Posted on 10/21/2014

The October release of The American Slavery Collection, 1820-1922: From the American Antiquarian Society includes documents illustrating the deep religious, political, and legal divisions within 19th-century American society over the issue of slavery.

An Address, Delivered on the Fourth of July, 1836 (1836)
By Charles Fitch, Pastor of the Free Congregational Church, Boston

“We hold it to be self-evident, that God has created all men equal, and endowed them with certain unalienable rights, and that among these rights, are life, liberty, and the pursuit of happiness.”
That is my text—and if ever one sentence was written in the English language, which expresses more than any other, the true spirit of those who would abolish slavery throughout the world, it seems to me to be this. It comprises just everything for which abolitionists contend. It covers the whole ground, and reaches the farthest possible extent of all their avowed principles, and of all the measures which they contemplate, or which they desire to see used, for the deliverance of their fellow-men who are held in chains.

Thus begins this address by Pastor Fitch who was adamant that “God has given men equal rights, according to the Declaration of American Independence” and “he who will not allow [African-Americans] these rights, is a transgressor of [God’s] law.”  Nor did Fitch equivocate between types of slave owners, saying:

I know there are many, who mean to be considered among the better sort of slaveholders, who think, by kindness, to make up to their slaves what they forcibly withhold from them. But it seems to me, that I could regard it as nothing better than adding insult to injury, for a tyrant, after having stripped me of all the rights of manhood, to think to atone for the wrongs he was daily inflicting upon me, by a few kind words now and then, and some few efforts to render my wretched condition, in some measure, endurable.

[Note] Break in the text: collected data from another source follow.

(* Consider the perturbed Collins First Form $$\dot x=-y+x^2y+\varepsilon\sum_{0\le i+j\le3}a_{i,j}x^iy^j,\qquad \dot y=x+xy^2+\varepsilon\sum_{0\le i+j\le3}b_{i,j}x^iy^j,$$ with real coefficients. Then the unperturbed equation is $dr/d\theta=r^3\cos\theta\sin\theta$, whose solution with $r(0)=z$ is $r(\theta,z)=z/\sqrt{1-z^2\sin^2\theta}$, which is $2\pi$-periodic and positive exactly for $z\in D=(0,1)$, and the first order averaged function $f_1$ satisfies, for $z\in(0,1)$ and $s=\sqrt{1-z^2}\in(0,1)$, $$z\,f_1(z)=\pi(1-s)\Big((b_{0,1}-b_{0,3}-b_{2,1})s^3+(b_{0,1}-2a_{3,0}-b_{0,3}+b_{2,1})s^2+(a_{1,0}-a_{1,2}+a_{3,0}+2b_{0,3})s+a_{1,0}+a_{1,2}+a_{3,0}\Big).$$ In particular, $f_1$ has at most $3$ simple zeros in $(0,1)$, and there are coefficient choices for which it has exactly $3$; hence first order averaging yields at most three limit cycles of this system, and three is reached.
   Context: Averaging framework (first order): in polar coordinates $x=r\cos\theta,y=r\sin\theta$, write $dr/d\theta=F_0(\theta,r)+\varepsilon F_1(\theta,r)+O(\varepsilon^2)$; let $r(\theta,z)$ solve $dr/d\theta=F_0$ with $r(0,z)=z$ and $Y(\theta,z)$ solve $Y'=\partial_rF_0(\theta,r(\theta,z))Y$, $Y(0,z)=1$. The first order averaged function is $f_1(z)=Y(2\pi,z)\int_0^{2\pi}Y(s,z)^{-1}F_1(s,r(s,z))\,ds$. Each simple zero of $f_1$ in $D$ gives, for $|\varepsilon|$ small, a limit cycle bifurcating from a periodic orbit of the unperturbed center. *)

From Stdlib Require Import Reals Lra.
From Coquelicot Require Import Coquelicot.
Open Scope R_scope.

Definition cubic_pert (c : nat -> nat -> R) (x y : R) : R :=
  sum_f_R0 (fun i => sum_f_R0 (fun j => c i j * x ^ i * y ^ j) (3 - i)) 3.

Definition collinsP (a : nat -> nat -> R) (eps x y : R) : R :=
  - y + x ^ 2 * y + eps * cubic_pert a x y.
Definition collinsQ (b : nat -> nat -> R) (eps x y : R) : R :=
  x + x * y ^ 2 + eps * cubic_pert b x y.

(* dr/dtheta in polar coordinates x = r cos th, y = r sin th:
   dr/dth = (dr/dt)/(dth/dt) = r (x P + y Q) / (x Q - y P). *)
Definition Fpolar (a b : nat -> nat -> R) (th r eps : R) : R :=
  let x := r * cos th in
  let y := r * sin th in
  let P := collinsP a eps x y in
  let Q := collinsQ b eps x y in
  r * (x * P + y * Q) / (x * Q - y * P).

(* F0 and F1 : coefficients of eps^0 and eps^1 in the expansion in eps. *)
Definition F0 (th r : R) : R := Fpolar (fun _ _ => 0) (fun _ _ => 0) th r 0.
Definition F1 (a b : nat -> nat -> R) (th r : R) : R :=
  Derive (fun eps => Fpolar a b th r eps) 0.

(* First order averaged function, built from the solution r(th,z) of
   dr/dth = F0 with r(0,z) = z and the solution Y(th,z) of the variational
   equation Y' = d_r F0(th, r(th,z)) Y, Y(0,z) = 1. *)
Definition f1 (a b : nat -> nat -> R) (rr Y : R -> R -> R) (z : R) : R :=
  Y (2 * PI) z * RInt (fun s => / Y s z * F1 a b s (rr s z)) 0 (2 * PI).

Definition rsol (th z : R) : R := z / sqrt (1 - z ^ 2 * (sin th) ^ 2).

Definition simple_zero (f : R -> R) (z : R) : Prop :=
  f z = 0 /\ exists l, is_derive f z l /\ l <> 0.

Definition f1_formula (a b : nat -> nat -> R) (z : R) : R :=
  let s := sqrt (1 - z ^ 2) in
  PI * (1 - s) *
   ((b 0%nat 1%nat - b 0%nat 3%nat - b 2%nat 1%nat) * s ^ 3
    + (b 0%nat 1%nat - 2 * a 3%nat 0%nat - b 0%nat 3%nat + b 2%nat 1%nat) * s ^ 2
    + (a 1%nat 0%nat - a 1%nat 2%nat + a 3%nat 0%nat + 2 * b 0%nat 3%nat) * s
    + a 1%nat 0%nat + a 1%nat 2%nat + a 3%nat 0%nat).

From Stdlib Require Import Reals Lra Lia List.
From Coquelicot Require Import Coquelicot.
Open Scope R_scope.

I said a tyrant, and I wish to have it fully understood, that I consider the best slaveholder on earth, a tyrant.

Fitch recognized others could quote scripture to support their claim that slavery is a divine institution but suggested they were misunderstanding the larger context. Just as arguing that because “the Israelites slew the inhabitants of the land of Canaan, therefore it is right for us to put our enemies to death whenever we can” is wrong, so to is making the argument that “God permitted the Israelites to hold slaves, therefore it is right for us.” Fitch explained why these interpretations were incorrect:

The truth on the subject is this. The Canaanitish nations were devoted to destruction by the God who made them. He therefore gave a special commission to the Israelites, to go and put to death men, women and children, and possess themselves of their country. For the same reason, they were permitted to hold them as bond servants. It was a judgment from God upon the inhabitants of Canaan. But that God ever gave his permission to any thing like the system of American Slavery, is something that wants proof.

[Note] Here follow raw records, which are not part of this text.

(* Consider a finite discounted MDP with rewards in $[0,1]$ and an initial state distribution $\mu$ with $\min_s\mu(s)>0$, and run the on-policy stochastic natural policy gradient algorithm described in the context with constant learning rate $\eta>0$. Then for all $t\ge1$: $V^{\pi_{\theta_{t+1}}}(s_0) - V^{\pi_{\theta_t}}(s_0)\ge 0$ almost surely for every $s_0\in\mathcal{S}$, and $$\mathbb{E}_t\left[V^{\pi_{\theta_{t+1}}}(\mu)\right] - V^{\pi_{\theta_t}}(\mu) \ge \frac{\eta(1-\gamma)^4\min_s\mu(s)}{1+\eta}\cdot\left\|\frac{d_\mu^{\pi^*}}{\mu}\right\|_\infty^{-1}\cdot\frac{\min_s\pi_{\theta_t}(a^*(s)\mid s)^2}{S}\cdot\left(V^{\pi^*}(\mu) - V^{\pi_{\theta_t}}(\mu)\right)^2,$$ where $\mathbb{E}_t$ is over the sampling $s_t\sim d_\mu^{\pi_{\theta_t}}(\cdot)$ and $a_t\sim\pi_{\theta_t}(\cdot\mid s_t)$ given $\theta_t$.
   Context: A finite MDP is $(\mathcal{S},\mathcal{A},r,\mathcal{P},\gamma)$ with finite state and action sets, $S:=|\mathcal{S}|$, $r:\mathcal{S}\times\mathcal{A}\to[0,1]$, transition kernel $\mathcal{P}$, $\gamma\in[0,1)$. Softmax policy $\pi_\theta(a\mid s) = e^{\theta(s,a)}/\sum_{a'}e^{\theta(s,a')}$. $V^\pi(s) = \mathbb{E}[\sum_{t\ge0}\gamma^t r(s_t,a_t)\mid s_0=s]$, $Q^\pi(s,a) = r(s,a)+\gamma\sum_{s'}\mathcal{P}(s'\mid s,a)V^\pi(s')$, $V^\pi(\mu) = \mathbb{E}_{s\sim\mu}V^\pi(s)$, $d_\mu^\pi(s) = \mathbb{E}_{s_0\sim\mu}[(1-\gamma)\sum_{t\ge0}\gamma^t\Pr(s_t=s\mid s_0,\pi,\mathcal{P})]$. $\pi^*$ is an optimal deterministic policy with action $a^*(s)$ in state $s$. $\left\|\frac{d_\mu^{\pi^*}}{\mu}\right\|_\infty := \max_s d_\mu^{\pi^*}(s)/\mu(s)$. Algorithm: at iteration $t$, sample $s_t\sim d_\mu^{\pi_{\theta_t}}(\cdot)$, $a_t\sim\pi_{\theta_t}(\cdot\mid s_t)$, set $\theta_{t+1}(s_t,a_t) = \theta_t(s_t,a_t)+\eta\frac{Q^{\pi_{\theta_t}}(s_t,a_t)-V^{\pi_{\theta_t}}(s_t)}{\pi_{\theta_t}(a_t\mid s_t)}$, other coordinates unchanged. *)

From HB Require Import structures.
From mathcomp Require Import all_boot all_order all_algebra.
From mathcomp Require Import all_classical all_reals all_analysis.
Set Implicit Arguments. Unset Strict Implicit. Unset Printing Implicit Defensive.
Import Order.TTheory GRing.Theory Num.Theory.
Local Open Scope ring_scope.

Mr. Everett's Address to the Whigs of Vermont, July, 1848 (1848)
By Horace Everett

Former Representative of Vermont and state delegate of the Whig Party, Horace Everett attended the 1848 Whig National Convention in Philadelphia and opposed the nomination of Zachary Taylor as the party’s presidential nominee. In this address he explained his concerns and urged his fellow Whigs to join him in leaving their party. At the core of Everett’s discontent with the nominee was Taylor’s position, or lack thereof, on the Wilmot Proviso.

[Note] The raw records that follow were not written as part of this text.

Lemma prod_le_pow_min l :
  0 <= prodL (seq 1 l) (fun i => lam - bt i) <= (lam - min_beta N adj p sel a0 l) ^ l.
Proof.
  replace ((lam - min_beta N adj p sel a0 l) ^ l)
    with ((lam - min_beta N adj p sel a0 l) ^ length (seq 1 l)) by (rewrite length_seq; reflexivity).
  apply prodL_le_pow.
  intros i Hi. pose proof (min_beta_le i l Hi). apply in_seq in Hi.
  pose proof (beta_range i ltac:(lia)). lra.
Qed.

Lemma tail_bound l eps : 0 < eps -> 0 < sqdist N a0 a0 ->
  prob_ratio_ge N adj p sel a0 l eps <= / eps ^ 2 * (lam - min_beta N adj p sel a0 l) ^ l.
Proof.
  intros He Hd0. eapply Rle_trans; [apply prob_ratio_le_Err; assumption|].
  assert (0 < eps ^ 2) by (apply pow_lt, He).
  apply Rle_trans
    with (sqdist N a0 a0 * (lam - min_beta N adj p sel a0 l) ^ l / (eps ^ 2 * sqdist N a0 a0)).
  - unfold Rdiv. apply Rmult_le_compat_r; [apply Rinv_nonneg; nra|].
    eapply Rle_trans; [apply Err_le_prod | apply Rmult_le_compat_l; [lra | apply prod_le_pow_min]].
  - right. field. lra.
Qed.
End Rates.

(* If rho^l <= eps^3 -- which the hypothesis on l guarantees -- then the
   Chebyshev bound eps^-2 rho^l is at most eps. *)
Lemma averaging_time eps rho (l : nat) : 0 < eps < 1 -> 0 < rho < 1 ->
  INR l >= 3 * ln (/ eps) / ln (/ rho) -> / eps ^ 2 * rho ^ l <= eps.
Proof.
  intros He Hr Hl.
  assert (Hlnr : ln rho < 0) by (rewrite <- ln_1; apply ln_increasing; lra).
  assert (Hlne : ln eps < 0) by (rewrite <- ln_1; apply ln_increasing; lra).
  rewrite !ln_Rinv in Hl by lra.
  assert (Hlog : INR l * ln rho <= 3 * ln eps).
  { apply Rge_le in Hl. apply (Rmult_le_compat_r (- ln rho)) in Hl; [|lra].
    unfold Rdiv in Hl. rewrite Rmult_assoc, Rinv_l, Rmult_1_r in Hl by lra. lra. }
  assert (Hpow : rho ^ l <= eps ^ 3).
  { destruct (Rle_lt_dec (rho ^ l) (eps ^ 3)) as [Hok|Hgt]; [assumption|].
    apply ln_increasing in Hgt; [|apply pow_lt; lra].
    rewrite !ln_pow in Hgt by lra. simpl INR in Hgt. lra. }
  assert (0 < eps ^ 2) by (apply pow_lt; lra).
  apply Rle_trans with (/ eps ^ 2 * eps ^ 3).
  - apply Rmult_le_compat_l; [apply Rinv_nonneg; lra | assumption].
  - right. field. lra.
Qed.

On August 8, 1846, Pennsylvania Congressman David Wilmot introduced the Proviso as a rider to the appropriations bill intended for the final negotiations to resolve the Mexican-American War. The Proviso would have banned slavery in any territory to be acquired from Mexico. The bill failed to pass in 1846, and again the following February. An attempt to make the Proviso part of the Treaty of Guadalupe Hidalgo also failed, but Everett felt it could be used as a litmus test for Taylor’s position on the expansion of slavery, stating:   



The single ground upon which I shall rest my refusal to give in my adhesion to the nomination, as a sufficient justification, is this, that I had no evidence that General Taylor would oppose the further acquisition of Mexican Territory, or that he would not veto a bill containing the principles of the Wilmot Proviso….—on the contrary, I did and do believe, and I have good ground for believing, that Gen. Taylor is in favor of further acquisition of Mexican Territory, and will veto any bill that contains the principles of the Wilmot Proviso.

Everett understood the fissures within the party that would be deepened by the expansion of slavery to the territories, saying:

In my judgment the Whig party, as a national party, was dissolved, at the Chinese Museum, at 6 P.M. on the 9th day of June, 1848. And from that day and hour I dedicate myself to the Free Soil Party.

Prof. Stuart and Slave Catching: Remarks on Mr. Stuart's Book “Conscience and the Constitution” (1850)
By Reverend George William Perkins

The Wilmot Proviso, among other issues, led to the Compromise of 1850, which included the Fugitive Slave Act of 1850 and new points of political contention. Reverend Perkins found in the Bible the basis for his opposition to the Fugitive Slave Act, specifically the requirement of citizens in Free states to cooperate in the return of escaped slaves to their masters. However, Perkins could not find unanimity among believers for his interpretation. He described the “lowest stage of debasement” as:

…the condition of that man who voluntarily comes forward to defend the slave-catcher, and brings his Bible to prove that it is a work of justice and a sacred duty to be slave-catchers. Beyond this the soul of man would seem to be the incapable of going. To this last stage, has come, Rev. Moses Stuart, in his book entitled, “Conscience and the Constitution.”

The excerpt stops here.